On Springs’ end was the job of selecting children for the trip and securing the correct travel documents for them. She also traveled with the kids from Ukraine to Seattle. Springs (left) said the trip was very eventful as it was filled with firsts, from flying on a plane to riding an escalator.

“This is all very new to them,” she said. “It was quite an adventure getting them here.”

Springs has been in Ukraine, living in the capital city of Kiev, for about six and a half years, but never intended to stay for more than eight months. She went right after graduating from Seattle Pacific University with a degree in theater and communication. And aside from a trip home to take a 10-week course to learn Russian and a few trips home each year, she has been in Ukraine ever since, working with various orphanages to promote national adoption as well as assisting Americans who want to adopt.

“I felt like I had to stay there. God had more work for me to do there,” she said. “Working with orphans was not in the game plan.”

Ukraine is roughly the size of Texas with a population of about 55 million with around five million in Kiev. Springs said there are about 100,000 orphans in the country, but this includes children living with relatives.
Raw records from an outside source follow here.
(* There exists an absolute constant $\tau_0>1$ such that for every $\tau\in(1,\tau_0)$ there exists a compact set $K\subset\mathbb{R}$ with Newhouse thickness $\tau(K)=\tau$, having a unique largest bounded gap, such that $K$ contains no configuration of the form $\{x-t,\,x,\,x+t^2\}$ with $t>0$ and $x$ one of the two endpoints of the largest gap of $K$.
   Context: For a compact set $K\subset\mathbb{R}$, a gap of $K$ is a connected component of $\mathbb{R}\setminus K$. If $u$ is the right endpoint of a bounded gap $G$, the bridge at $u$ is the maximal interval $B=[u,v]$ such that every gap $G'$ of $K$ with $G'\subset B$ satisfies $|G'|\le|G|$; bridges at left endpoints of bounded gaps are defined symmetrically (maximal intervals $[v,u]$ with the same property). For such an endpoint $u$, set $\tau(K,u)=|B|/|G|$. The Newhouse thickness of $K$ is $\tau(K)=\inf_u\tau(K,u)$, the infimum over all endpoints $u$ of bounded gaps of $K$. *)

From Stdlib Require Import Reals Lra.
From Stdlib Require Export Rtopology.
Open Scope R_scope.

(* (a,b) is a bounded gap of K: a bounded connected component of R \ K.
   For K compact (closed), these are exactly the open intervals (a,b) with
   a < b, a, b in K and (a,b) disjoint from K. *)
Definition is_bgap (K : R -> Prop) (a b : R) : Prop :=
  a < b /\ K a /\ K b /\ (forall x, a < x < b -> ~ K x).

(* Unbounded gaps (of infinite length) are handled by requiring the interval
   to lie in the convex hull of K (see bridge predicates below). *)
Definition meets_long_gap (K : R -> Prop) (L l r : R) : Prop :=
  exists c d, is_bgap K c d /\ d - c > L /\ exists x, c < x < d /\ l <= x <= r.

Definition right_bridge_ok (K : R -> Prop) (a b v : R) : Prop :=
  b <= v /\ (exists k, K k /\ v <= k) /\ ~ meets_long_gap K (b - a) b v.

Definition left_bridge_ok (K : R -> Prop) (a b w : R) : Prop :=
  w <= a /\ (exists k, K k /\ k <= w) /\ ~ meets_long_gap K (b - a) w a.

Definition right_bridge (K : R -> Prop) (a b v : R) : Prop :=
  right_bridge_ok K a b v /\ forall v', right_bridge_ok K a b v' -> v' <= v.

Definition left_bridge (K : R -> Prop) (a b w : R) : Prop :=
  left_bridge_ok K a b w /\ forall w', left_bridge_ok K a b w' -> w <= w'.

Definition local_thickness_value (K : R -> Prop) (r : R) : Prop :=
  exists a b, is_bgap K a b /\
    ((exists v, right_bridge K a b v /\ r = (v - b) / (b - a)) \/
     (exists w, left_bridge K a b w /\ r = (a - w) / (b - a))).

Definition is_glb (E : R -> Prop) (m : R) : Prop :=
  (forall x, E x -> m <= x) /\ (forall m', (forall x, E x -> m' <= x) -> m' <= m).

Definition newhouse_thickness (K : R -> Prop) (t : R) : Prop :=
  is_glb (local_thickness_value K) t.

Definition unique_largest_gap (K : R -> Prop) (a b : R) : Prop :=
  is_bgap K a b /\ forall c d, is_bgap K c d -> (c, d) <> (a, b) -> d - c < b - a.

From Stdlib Require Import Reals Lra.
Open Scope R_scope.

(* A union of three intervals suffices. In
   K = [-130,-15] u [-9,0] u [100, 100 + 100 tau] the largest gap is (0,100);
   the bridge at 100 has length 100 tau, while the other three bridges give
   the larger ratios 13/10, 3/2 and 115/6, so tau(K) = tau for tau < 6/5.
   At x = 0, x + t^2 in K forces 10 <= t < 15, which puts x - t into the gap
   (-15,-9); at x = 100, x - t in K forces t >= 100, so x + t^2 leaves K. *)

Lemma closed_set_union (A B : R -> Prop) :
  closed_set A -> closed_set B -> closed_set (union_domain A B).
Proof.
  intros HA HB x Hx.
  assert (Hi : intersection_domain (complementary A) (complementary B) x)
    by (split; intro H; apply Hx; hnf; tauto).
  destruct (open_set_P3 _ _ HA HB x Hi) as [d Hd].
  exists d; intros y Hy [Hy' | Hy']; destruct (Hd y Hy) as [HnA HnB]; auto.
Qed.

Lemma closed_set_interval (a b : R) : closed_set (fun x => a <= x <= b).
Proof. apply compact_P2, compact_P3. Qed.

Lemma right_bridge_ratio_ge (K : R -> Prop) (a b v0 v r : R) :
  a < b -> right_bridge_ok K a b v0 -> r * (b - a) <= v0 - b ->
  right_bridge K a b v -> r <= (v - b) / (b - a).
Proof.
  intros Hab Hv0 Hr [_ Hmax].
  specialize (Hmax v0 Hv0).
  apply Rmult_le_reg_r with (b - a); [lra |].
  unfold Rdiv; rewrite Rmult_assoc, Rinv_l; lra.
Qed.

Lemma left_bridge_ratio_ge (K : R -> Prop) (a b w0 w r : R) :
  a < b -> left_bridge_ok K a b w0 -> r * (b - a) <= a - w0 ->
  left_bridge K a b w -> r <= (a - w) / (b - a).
Proof.
  intros Hab Hw0 Hr [_ Hmax].
  specialize (Hmax w0 Hw0).
  apply Rmult_le_reg_r with (b - a); [lra |].
  unfold Rdiv; rewrite Rmult_assoc, Rinv_l; lra.
Qed.

Lemma right_bridge_max (K : R -> Prop) (a b M : R) :
  (forall k, K k -> k <= M) -> K M -> b <= M ->
  ~ meets_long_gap K (b - a) b M -> right_bridge K a b M.
Proof.
  intros Hsup HM HbM Hno; split.
  - repeat split; [assumption | exists M; split; [assumption | lra] | assumption].
  - intros v' (_ & (k & Hk & Hv'k) & _).
    specialize (Hsup k Hk); lra.
Qed.

Lemma newhouse_thickness_attained (K : R -> Prop) (t : R) :
  (forall r, local_thickness_value K r -> t <= r) ->
  local_thickness_value K t -> newhouse_thickness K t.
Proof. intros Hlow Ht; split; [exact Hlow | intros m' Hm'; exact (Hm' t Ht)]. Qed.

Section ThreeIntervals.

Variables p0 p1 p2 p3 p4 p5 : R.
Hypothesis Hordered : p0 <= p1 /\ p1 < p2 /\ p2 <= p3 /\ p3 < p4 /\ p4 <= p5.

Definition three_intervals : R -> Prop :=
  union_domain (fun x => p0 <= x <= p1)
    (union_domain (fun x => p2 <= x <= p3) (fun x => p4 <= x <= p5)).

Ltac in_three_intervals :=
  unfold three_intervals, union_domain;
  first [left; lra | right; left; lra | right; right; lra].

Ltac refute Hgap y := exfalso; apply (Hgap y); [lra | in_three_intervals].

Lemma three_intervals_compact : compact three_intervals.
Proof.
  apply compact_P5.
  - repeat apply closed_set_union; apply closed_set_interval.
  - exists p0, p5; intros x [Hx | [Hx | Hx]]; lra.
Qed.

Lemma three_intervals_bgap_iff (c d : R) :
  is_bgap three_intervals c d <-> (c = p1 /\ d = p2) \/ (c = p3 /\ d = p4).
Proof.
  split.
  - intros (Hcd & Hc & Hd & Hgap).
    (* every other placement of c < d puts a point of K strictly between them *)
    destruct Hc as [Hc | [Hc | Hc]]; destruct Hd as [Hd | [Hd | Hd]];
      try lra; try refute Hgap ((c + d) / 2).
    + destruct (Rlt_or_le c p1); [refute Hgap ((c + p1) / 2) |].
      destruct (Rlt_or_le p2 d); [refute Hgap ((p2 + d) / 2) | lra].
    + refute Hgap p2.
    + destruct (Rlt_or_le c p3); [refute Hgap ((c + p3) / 2) |].
      destruct (Rlt_or_le p4 d); [refute Hgap ((p4 + d) / 2) | lra].
  - intros [[-> ->] | [-> ->]];
      (split; [lra | split; [in_three_intervals | split; [in_three_intervals |]]]);
      intros x Hx [H | [H | H]]; lra.
Qed.

Lemma three_intervals_not_meets_long_gap (L l r : R) :
  (forall x, p1 < x < p2 -> l <= x <= r -> p2 - p1 <= L) ->
  (forall x, p3 < x < p4 -> l <= x <= r -> p4 - p3 <= L) ->
  ~ meets_long_gap three_intervals L l r.
Proof.
  intros H12 H34 (c & d & Hgap & Hlong & x & Hx & Hlr).
  apply three_intervals_bgap_iff in Hgap as [[-> ->] | [-> ->]].
  - specialize (H12 x Hx Hlr); lra.
  - specialize (H34 x Hx Hlr); lra.
Qed.

Lemma three_intervals_unique_largest_gap :
  p2 - p1 < p4 - p3 -> unique_largest_gap three_intervals p3 p4.
Proof.
  intros Hlt; split; [apply three_intervals_bgap_iff; right; auto |].
  intros c d Hgap Hne.
  apply three_intervals_bgap_iff in Hgap as [[-> ->] | [-> ->]];
    [lra | contradiction].
Qed.

End ThreeIntervals.

Section Example.

Variable tau : R.
Hypothesis Htau : 1 < tau < 6 / 5.

Let M := 100 + 100 * tau.
Let K := three_intervals (-130) (-15) (-9) 0 100 M.

Let K_ordered : -130 <= -15 /\ -15 < -9 /\ -9 <= 0 /\ 0 < 100 /\ 100 <= M.
Proof. unfold M; lra. Qed.

Ltac in_K :=
  unfold K, three_intervals, union_domain;
  first [left; lra | right; left; lra | right; right; unfold M; lra].

Ltac no_long_gap :=
  apply (three_intervals_not_meets_long_gap _ _ _ _ _ _ K_ordered);
  intros; unfold M in *; lra.

Lemma example_local_thickness_ge (r : R) : local_thickness_value K r -> tau <= r.
Proof.
  intros (a & b & Hgap & [(v & Hv & ->) | (w & Hw & ->)]);
    apply (three_intervals_bgap_iff _ _ _ _ _ _ K_ordered) in Hgap
      as [[-> ->] | [-> ->]].
  - apply (right_bridge_ratio_ge K (-15) (-9) 0 v); [lra | | lra | exact Hv].
    repeat split; [lra | exists 0; split; [in_K | lra] | no_long_gap].
  - apply (right_bridge_ratio_ge K 0 100 M v); [lra | | unfold M; lra | exact Hv].
    repeat split; [unfold M; lra | exists M; split; [in_K | lra] | no_long_gap].
  - apply (left_bridge_ratio_ge K (-15) (-9) (-130) w); [lra | | lra | exact Hw].
    repeat split; [lra | exists (-130); split; [in_K | lra] | no_long_gap].
  - apply (left_bridge_ratio_ge K 0 100 (-130) w); [lra | | lra | exact Hw].
    repeat split; [lra | exists (-130); split; [in_K | lra] | no_long_gap].
Qed.

Lemma example_local_thickness_attained : local_thickness_value K tau.
Proof.
  exists 0, 100; split.
  - apply (three_intervals_bgap_iff _ _ _ _ _ _ K_ordered); right; auto.
  - left; exists M; split.
    + apply right_bridge_max; [intros k [Hk | [Hk | Hk]]; unfold M in *; lra
                              | in_K | unfold M; lra | no_long_gap].
    + unfold M; field.
Qed.

Lemma example_no_configuration (x : R) :
  (x = 0 \/ x = 100) -> forall t, 0 < t -> ~ (K (x - t) /\ K x /\ K (x + t ^ 2)).
Proof.
  unfold K, three_intervals, union_domain, M.
  intros [-> | ->] t Ht (Hl & _ & Hr);
    destruct Hl as [Hl | [Hl | Hl]]; destruct Hr as [Hr | [Hr | Hr]]; nra.
Qed.

Theorem example_properties :
  compact K /\ newhouse_thickness K tau /\ unique_largest_gap K 0 100 /\
  forall x : R, (x = 0 \/ x = 100) ->
    forall t : R, 0 < t -> ~ (K (x - t) /\ K x /\ K (x + t ^ 2)).
Proof.
  split; [exact (three_intervals_compact _ _ _ _ _ _ K_ordered) |].
  split; [exact (newhouse_thickness_attained K tau
                   example_local_thickness_ge example_local_thickness_attained) |].
  split; [apply three_intervals_unique_largest_gap; [exact K_ordered | lra] |].
  exact example_no_configuration.
Qed.

End Example.

Theorem mainTheorem6 :
  exists tau0 : R, 1 < tau0 /\
    forall tau : R, 1 < tau < tau0 ->
      exists (K : R -> Prop) (a b : R),
        compact K /\
        newhouse_thickness K tau /\
        unique_largest_gap K a b /\
        forall x : R, (x = a \/ x = b) ->
          forall t : R, 0 < t -> ~ (K (x - t) /\ K x /\ K (x + t ^ 2)).
Proof.
  exists (6 / 5); split; [lra |].
  intros tau Htau.
  exists (three_intervals (-130) (-15) (-9) 0 100 (100 + 100 * tau)), 0, 100.
  exact (example_properties tau Htau).
Qed.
The number of children who are wards of the state and adoptable is closer to 30,000. Springs said about 75 percent of the orphans she works with have living parents who have had their parental rights terminated due to alcoholism, neglect or similar reasons. Springs said this is one of the more difficult parts of her job because many of the kids have dreams of being reunited with their birth families.

“It’s not easy,” she said.

But Springs said she likes being an advocate for the orphans and sharing their stories with others who might be able to help them. This is one of her favorite things about the hosting programs. In exposing people to the orphans’ plight, she has seen people inquire about and apply for adoptions.